В ранней пьесе Островского я нашел такую фразу: «…Поедем к цыганам на Грузины!»
Понять ее немосковскому человеку сложно. Впрочем, сейчас так уже не пишут и не говорят. Даже среди коренных москвичей мало кто помнит, что место рядом с зоопарком, где стоят прямо на улице истуканы Церетели (цари, короли, литературные герои, зайчики и лисички, колобки и дракончики), — не что иное, как вход в бывшее грузинское подворье, резиденцию князя грузинского. И красная церковь непривычных для нас архитектурных форм — это грузинская церковь. И улицы — Большая и Малая Грузинские, Грузинский Вал — это тоже не просто так. Еще с XIX века здесь, среди тихих домиков, палисадничков, дворянских и купеческих усадеб, селились натуральные грузины, княжеские слуги, их семьи, ремесленники, торговцы. И место стало называться «Грузинами». Потом в нем возникли многочисленные рестораны, а в ресторанах, особенно в дорогих, с кабинетами и концертными эстрадами, пели знаменитые московские цыгане.
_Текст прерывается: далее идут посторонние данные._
Lemma rat_ballP q m z : rat_ball q m z <-> `|z - ratr q| < m.+1%:R^-1.
Proof. by rewrite /rat_ball /= in_itv /= ltr_distl. Qed.

Lemma exists_rat_ball (z : R) m : exists q, rat_ball q m z.
Proof.
set e : R := m.+1%:R^-1.
have e0 : 0 < e by rewrite invr_gt0.
have [q] := @rat_in_itvoo R (z - e) (z + e) ltac:(lra).
by rewrite in_itv /= => hq; exists q; apply/rat_ballP; rewrite distrC ltr_distl.
Qed.

Definition rat_box (c : (rat * rat) * (rat * rat)) (m : nat) : set (quat R) :=
  (rat_ball c.1.1 m `*` rat_ball c.1.2 m) `*` (rat_ball c.2.1 m `*` rat_ball c.2.2 m).

Lemma measurable_rat_box c m : measurable (rat_box c m).
Proof. by do 2 apply: measurableX; exact: measurable_itv. Qed.

Lemma rat_box_sub_qball (v : quat R) (r : R) : 0 < r ->
  exists c m, rat_box c m v /\ rat_box c m `<=` [set w | qabs (qsub v w) < r].
Proof.
move=> r0; have [m hm] := ltr_add_invr (divr_gt0 r0 (ltr0n R 8)).
rewrite add0r in hm.
have [q11 h11] := exists_rat_ball v.1.1 m; have [q12 h12] := exists_rat_ball v.1.2 m.
have [q21 h21] := exists_rat_ball v.2.1 m; have [q22 h22] := exists_rat_ball v.2.2 m.
exists ((q11, q12), (q21, q22)), m; split; first by [].
have close (a b : R) q : rat_ball q m a -> rat_ball q m b -> `|a - b| < r / 4.
  move=> /rat_ballP ha /rat_ballP hb; set e := m.+1%:R^-1 in hm ha hb.
  by rewrite (le_lt_trans (ler_distD (ratr q) a b)) // !(distrC (ratr q)); lra.
move=> w [[/= g11 g12] [g21 g22]]; rewrite /=.
apply: (lt_le_trans (qabs_qsub_lt (close _ _ _ h11 g11) (close _ _ _ h12 g12)
  (close _ _ _ h21 g21) (close _ _ _ h22 g22))); lra.
Qed.

(* The preimage of an open interval is the union of the countably many rational
   boxes it contains. *)
Lemma measurable_fun_qcontinuous (D : set (quat R)) (f : quat R -> R) :
  measurable D ->
  (forall u, D u -> forall e, 0 < e -> exists2 r, 0 < r &
     forall v, D v -> qabs (qsub u v) < r -> `|f v - f u| < e) ->
  measurable_fun D f.
Proof.
move=> mD cf; apply: (measurability _ (measurable_realfun.RGenOpens.measurableE R)).
move=> _ [_ [a [b ->]] <-]; set P := f @^-1` _.
pose B (i : (rat * rat) * (rat * rat) * nat) :=
  if `[< rat_box i.1 i.2 `&` D `<=` P >] then rat_box i.1 i.2 else set0.
suff -> : D `&` P = D `&` \bigcup_i B i.
  apply: measurableI => //; apply: countable_bigcupT_measurable.
    exact: countableP.
  by move=> i; rewrite /B; case: asboolP => _ //; exact: measurable_rat_box.
apply/seteqP; split => v [Dv Pv]; split => //; last first.
  by case: Pv => i _; rewrite /B; case: asboolP => // sub Bv; exact: sub.
have /andP[av vb] : a < f v < b by rewrite /P /= in_itv in Pv.
set e := Num.min (f v - a) (b - f v).
have ea : e <= f v - a by rewrite ge_min lexx.
have eb : e <= b - f v by rewrite ge_min lexx orbT.
have [r r0 hr] := cf v Dv e ltac:(by rewrite lt_min !subr_gt0 av vb).
have [c [m [bv sub]]] := rat_box_sub_qball v r0.
exists (c, m) => //; rewrite /B; case: asboolP => //= -[] w [/sub /= vw Dw].
have := hr w Dw vw; rewrite ltr_distl => /andP[lo hi].
by rewrite /P /= in_itv /=; apply/andP; split; lra.
Qed.

Lemma measurable_levelset (g : quat R -> R) (c : R) :
  measurable_fun setT g -> measurable [set u | g u = c].
Proof.
by move=> mg; rewrite -[X in measurable X]setTI; exact: mg _ (measurable_set1 c).
Qed.

Let m11 : measurable_fun setT (fun u : quat R => u.1.1).
Proof. exact: (measurableT_comp measurable_fst measurable_fst). Qed.
Let m12 : measurable_fun setT (fun u : quat R => u.1.2).
Proof. exact: (measurableT_comp measurable_snd measurable_fst). Qed.
Let m21 : measurable_fun setT (fun u : quat R => u.2.1).
Proof. exact: (measurableT_comp measurable_fst measurable_snd). Qed.
Let m22 : measurable_fun setT (fun u : quat R => u.2.2).
Proof. exact: (measurableT_comp measurable_snd measurable_snd). Qed.

Lemma measurable_qabs : measurable_fun setT (@qabs R).
Proof.
have -> : @qabs R = fun u => Num.sqrt (u.1.1 ^+ 2 + u.1.2 ^+ 2 + u.2.1 ^+ 2 + u.2.2 ^+ 2).
  by apply: funext => -[[a b] [c e]].
apply: measurableT_comp (measurable_realfun.continuous_measurable_fun (@sqrt_continuous R)) _.
by repeat apply: measurable_realfun.measurable_funD; exact: measurable_realfun.measurable_funX.
Qed.

Lemma measurable_unitK k : measurable (unitK k : set (quat R)).
Proof.
have -> : (unitK k : set (quat R)) = [set u | qabs u = 1] `&`
  match k with
  | KReal => [set u | u.1.2 = 0] `&` [set u | u.2.1 = 0] `&` [set u | u.2.2 = 0]
  | KComplex => [set u | u.2.1 = 0] `&` [set u | u.2.2 = 0]
  | KQuat => setT
  end.
  apply/seteqP; split => -[[a b] [c e]]; rewrite /unitK /inK /=; case: k => /=;
    tauto.
apply: measurableI; first exact: measurable_levelset measurable_qabs.
case: k; last exact: measurableT.
- apply: measurableI; first apply: measurableI.
  + exact: measurable_levelset m12.
  + exact: measurable_levelset m21.
  + exact: measurable_levelset m22.
- by apply: measurableI; [exact: measurable_levelset m21|exact: measurable_levelset m22].
Qed.

End QuaternionMeasurability.

Section ProbabilityIntegral.
Variables (disp : measure_display) (T : measurableType disp) (R : realType).
Variables (mu : {measure set T -> \bar R}) (U : set T).
Hypotheses (mU : measurable U) (muU : mu U = 1%E).

Local Notation integrable f := (mu.-integrable U (EFin \o f)).
Local Notation Rint f := (Rintegral mu U f).

Lemma integrable_bounded (f : T -> R) (M : R) : measurable_fun U f ->
  (forall u, U u -> `|f u| <= M) -> integrable f.
Proof.
move=> mf fM; apply: measurable_bounded_integrable => //; first by rewrite muU ltry.
by exists M; split=> [|N /ltW MN u /fM /le_trans]; [exact: num_real | apply].
Qed.

Lemma integrable_cst (c : R) : integrable (fun _ => c).
Proof. by apply: (@integrable_bounded _ `|c|) => //; exact: measurable_cst. Qed.

Lemma Rintegral_cst1 (c : R) : Rint (fun _ => c) = c.
Proof. by rewrite Rintegral_cst // muU mulr1. Qed.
Хорошо помню, как много было грузин на единственном в ту пору в Москве цветочном рынке — особенно ближе к 8 марта и 1 сентября. Но и зимой здесь можно было достать свежие цветы, только здесь, нигде больше. В магазинах «Цветы» зимой цветов не было, а здесь они были всегда.
Грузины на рынке — мощный архетип второй половины уже ХХ века, герои анекдотов, шуток, пародий. Данелия снял об этом целый фильм, собственно, не о самих грузинах, а об этой рефлексии, о том, как их воспринимают в Москве. У «грузина в Москве» был свой образ — кепка, пиджак, горделивая осанка и пачка купюр в кармане брюк. Анекдоты о них были многочисленны, это практически целый эпос, целая ветвь народной литературы, а сами герои фольклора все время были где-то рядом — сидели в ресторанах, покупали билеты в кассе на поезд или в театр и порой обижались на все это, но чаще улыбались добродушно.
Это были свои грузины. Однако не все так просто в этой теме.
Город одновременно и принимал гостей, и проводил между собой и ними некую условную черту. Фольклор (и официальный, как в «Мимино», и неофициальный) обозначал сложность проблемы чужаков. Уже тогда.
Сейчас таких анекдотов, понятное дело, нет. Объем проблемы другой. Но вернемся пока в прошлое…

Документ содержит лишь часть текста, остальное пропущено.